Recently, deep learning architectures have been proposed to perform forward prediction using an object-centric representation of the system [5, 17, 24, 32]. This representation is learned from the visual observation by factorizing the scene into the underlying object instances using ground-truth object states (e.g., object class, position, and bounding box). We identified two major limitations in the existing work: First, they either assume access to the ground-truth object states [2, 17] or predict them using pre-trained object detection or instance segmentation models [24, 32]. However, obtaining the ground truth object states is not always feasible in practice, especially in real-world settings. Relying on pre-trained object detection and segmentation models further makes the forward models fragile as the perception models do not work on novel objects, significantly limiting their generalization capability. Second, factorizing the scene into a fixed number of object instances limits the generalization of the model models to scenarios with a different number of objects.

In this paper, we address both of these limitations by proposing to learn forward models using a keypoint representation. Keypoints represent a set of salient locations of moving entities. Our model KINet (Keypoint Interaction Network) learns an unsupervised forward model in three steps (Fig 1): (1) A keypoint extractor factorizes the scene into keypoints with no supervision other than raw visual observations. (2) A graph representation of the scene is learned, where each node corresponds to a keypoint and edges are keypoints relations. Node features carry implicit object-centric features as well as explicit keypoint state information. (3) With probabilistic message passing, our model learns an action-conditional forward model to predict the future location of keypoints and reconstruct the future appearances of the scene. We evaluate KINet’s forward prediction accuracy and demonstrate that, by learning forward prediction in a keypoint coordinate, our model effectively re-purposes this knowledge and generalizes it to complex unseen circumstances.
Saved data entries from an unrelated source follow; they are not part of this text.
(* Let $0=t_0<t_1<\dots<t_n=1$ be a grid. Consider the following random procedure (the remasked AUDM sampler with the exact noise-conditioned denoiser). 1. Draw $U_{t_n}$ uniformly from $\mathsf X$, then draw $X_{t_n}\sim p_{t_n}(\cdot\mid U_{t_n})$. 2. For $i=n-1,n-2,\dots,0$: - draw $X_0'\sim p_{0|t_{i+1}}(\cdot\mid X_{t_{i+1}},U_{t_{i+1}})$; - draw $X_{t_i}\sim q_{t_i|0,t_{i+1}}(\cdot\mid X_0',X_{t_{i+1}})$ (for $t_i=0$ this means $X_{t_0}=X_0'$); - independently over $\ell$, draw $U^\ell_{t_i}$ as follows: if $X^\ell_{t_i}\ne X_0'^{\,\ell}$, set $U^\ell_{t_i}=X^\ell_{t_i}$; otherwise draw $U^\ell_{t_i}\sim\mathrm{Cat}\big(\frac{X_0'^{\,\ell}+\alpha_{t_i}(\mathbf 1-X_0'^{\,\ell})}{1+(K-1)\alpha_{t_i}}\big)$. Then the law of $(X_{t_0},\dots,X_{t_n})$ is the UDM reverse-chain law $$p_{t_n}(\mathbf x_{t_n})\prod_{i=1}^n p_{t_{i-1}|t_i}(\mathbf x_{t_{i-1}}\mid\mathbf x_{t_i}).$$
   Context: **UDM setup.** - Let $K\ge2$, $L\ge1$ and $\mathsf V=\{1,\dots,K\}$. Tokens are identified with the standard basis vectors of $\mathbb R^K$, and $\mathbf 1$ is the all-ones vector. - $\mathsf X=\mathsf V^L$, with $\mathbf x^\ell$ the $\ell$-th token. $p_0$ is a distribution on $\mathsf X$. - The schedule $\alpha:[0,1]\to[0,1]$ is strictly decreasing, with $\alpha_0=1$ and $\alpha_t\in(0,1)$ for $t\in(0,1]$. Set $\alpha_{t|s}=\alpha_t/\alpha_s$. - The UDM forward kernel is $q_{t|s}(\mathbf x_t\mid\mathbf x_s)=\prod_\ell\langle\mathbf x_t^\ell,\alpha_{t|s}\mathbf x_s^\ell+(1-\alpha_{t|s})\mathbf 1/K\rangle$. - $p_t(\mathbf x)=\sum_{\mathbf x_0}p_0(\mathbf x_0)q_{t|0}(\mathbf x\mid\mathbf x_0)$. - UDM reverse kernel: $p_{s|t}(\mathbf x_s\mid\mathbf x_t)=p_s(\mathbf x_s)q_{t|s}(\mathbf x_t\mid\mathbf x_s)/p_t(\mathbf x_t)$. - UDM bridge: $q_{s|0,t}(\mathbf x_s\mid\mathbf x_0,\mathbf x_t)=q_{t|s}(\mathbf x_t\mid\mathbf x_s)q_{s|0}(\mathbf x_s\mid\mathbf x_0)/q_{t|0}(\mathbf x_t\mid\mathbf x_0)$ for $s>0$, and $q_{0|0,t}(\mathbf x\mid\mathbf x_0,\mathbf x_t)=\mathbf 1\{\mathbf x=\mathbf x_0\}$. **Absorbing lifting.** - For $\mathbf u\in\mathsf X$, define $q_{t|0}(\mathbf x_t\mid\mathbf x_0,\mathbf u)=\prod_\ell\langle\mathbf x_t^\ell,\alpha_t\mathbf x_0^\ell+(1-\alpha_t)\mathbf u^\ell\rangle$. - $p_t(\mathbf x\mid\mathbf u)=\sum_{\mathbf x_0}p_0(\mathbf x_0)q_{t|0}(\mathbf x\mid\mathbf x_0,\mathbf u)$. - Noise-conditioned denoiser: $p_{0|t}(\mathbf x_0\mid\mathbf x_t,\mathbf u)=p_0(\mathbf x_0)q_{t|0}(\mathbf x_t\mid\mathbf x_0,\mathbf u)/p_t(\mathbf x_t\mid\mathbf u)$, defined when $p_t(\mathbf x_t\mid\mathbf u)>0$. *)

From HB Require Import structures.
From mathcomp Require Import all_boot all_order all_algebra.
Set Implicit Arguments. Unset Strict Implicit. Unset Printing Implicit Defensive.
Import Order.TTheory GRing.Theory Num.Theory.
Local Open Scope ring_scope.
Our key contributions are: (1) We introduce KINet, a graph-based and end-to-end method for learning unsupervised action-conditional forward models from visual observations (2) We introduce probabilistic message-passing operation for efficient aggregation of relevant information in the graph. (3) We introduce GraphMPC for accurate action planning using graph similarity. (4) We demonstrate learning forward models with keypoints enables generalization to complex unseen scenarios.

II Related Work

Unsupervised keypoint extraction. Keypoints have been widely used in pose tracking [31, 33] and video prediction [19, 21, 29, 33]. Recent work explored keypoints for reinforcement learning in a keypoint space [4, 9, 14].
Forward models. The most fundamentally relevant work to ours is Interaction Networks (IN) [2, 25] and follow-up work using graph networks for forward simulation [11, 16, 22]. These methods rely on the ground-truth state of objects to build graphs where each node represents an object. Several approaches extended IN by combining explicit states with implicit visual features [24, 28, 32]. However, two main concerns remain unaddressed. First, object features in the graph are often obtained from extensive ground-truth information such as position, bounding box, and mask [11, 15, 24, 32]. Second, these approaches lack generalization to varying number of objects as they are formulated on fixed-size graphs where each node has to correspond to one of the objects. To address these limitations, our framework extracts unsupervised keypoints to build a scene graph and performs forward prediction in the keypoint space. This allows performing forward modeling without any supervision other than RGB images. Also, factorizing the scene to keypoints instead of objects allows for automatic generalization to varying number of objects.
Action-conditional forward models. Battaglia et al. [2] augments the action to the node embeddings. Ye et al. [32] included the action as an additional node in a fully connected graph while other nodes represent objects. For probabilistic forward models, Henaff et al. [8] suggests using a latent variable dropout to condition the model on action [6]. Yan et al. [30] showed the effectiveness of contrastive estimation [23] to learn actionable representations. Minderer et al. [21] uses keypoints for video prediction from a history of frames. However, their dynamics model is not conditioned on action and cannot be used for action planning. In our work, we ensure conditioning on the action by incorporating the action vector in the graph message-passing operation. In addition, we extend the contrastive estimation method for graph embeddings to further enhance the learned representations.
Unsupervised Forward Models. Kipf et al. [12] uses a contrastive loss to learn object-centric abstractions in multibody environments of fixed objects with minimal visual features such as 2D shapes. In our work, we randomize the properties of the objects and examine challenging realistic objects. Kossen et al. [13] uses images to infer a set of object states (e.g., position and velocity) to predict the future state of each object using graph networks. Although learning unsupervised states, this method is formulated on a fixed number of objects and only tested on environments with simple 2D geometries. Li et al. [18] infers the causal graph representation and makes future predictions on a fixed dynamic system in simulation using a pretrained keypoint extractor from topview images. In our work, we experiment with other camera angles and real-world 3D objects with various properties such as geometry and texture.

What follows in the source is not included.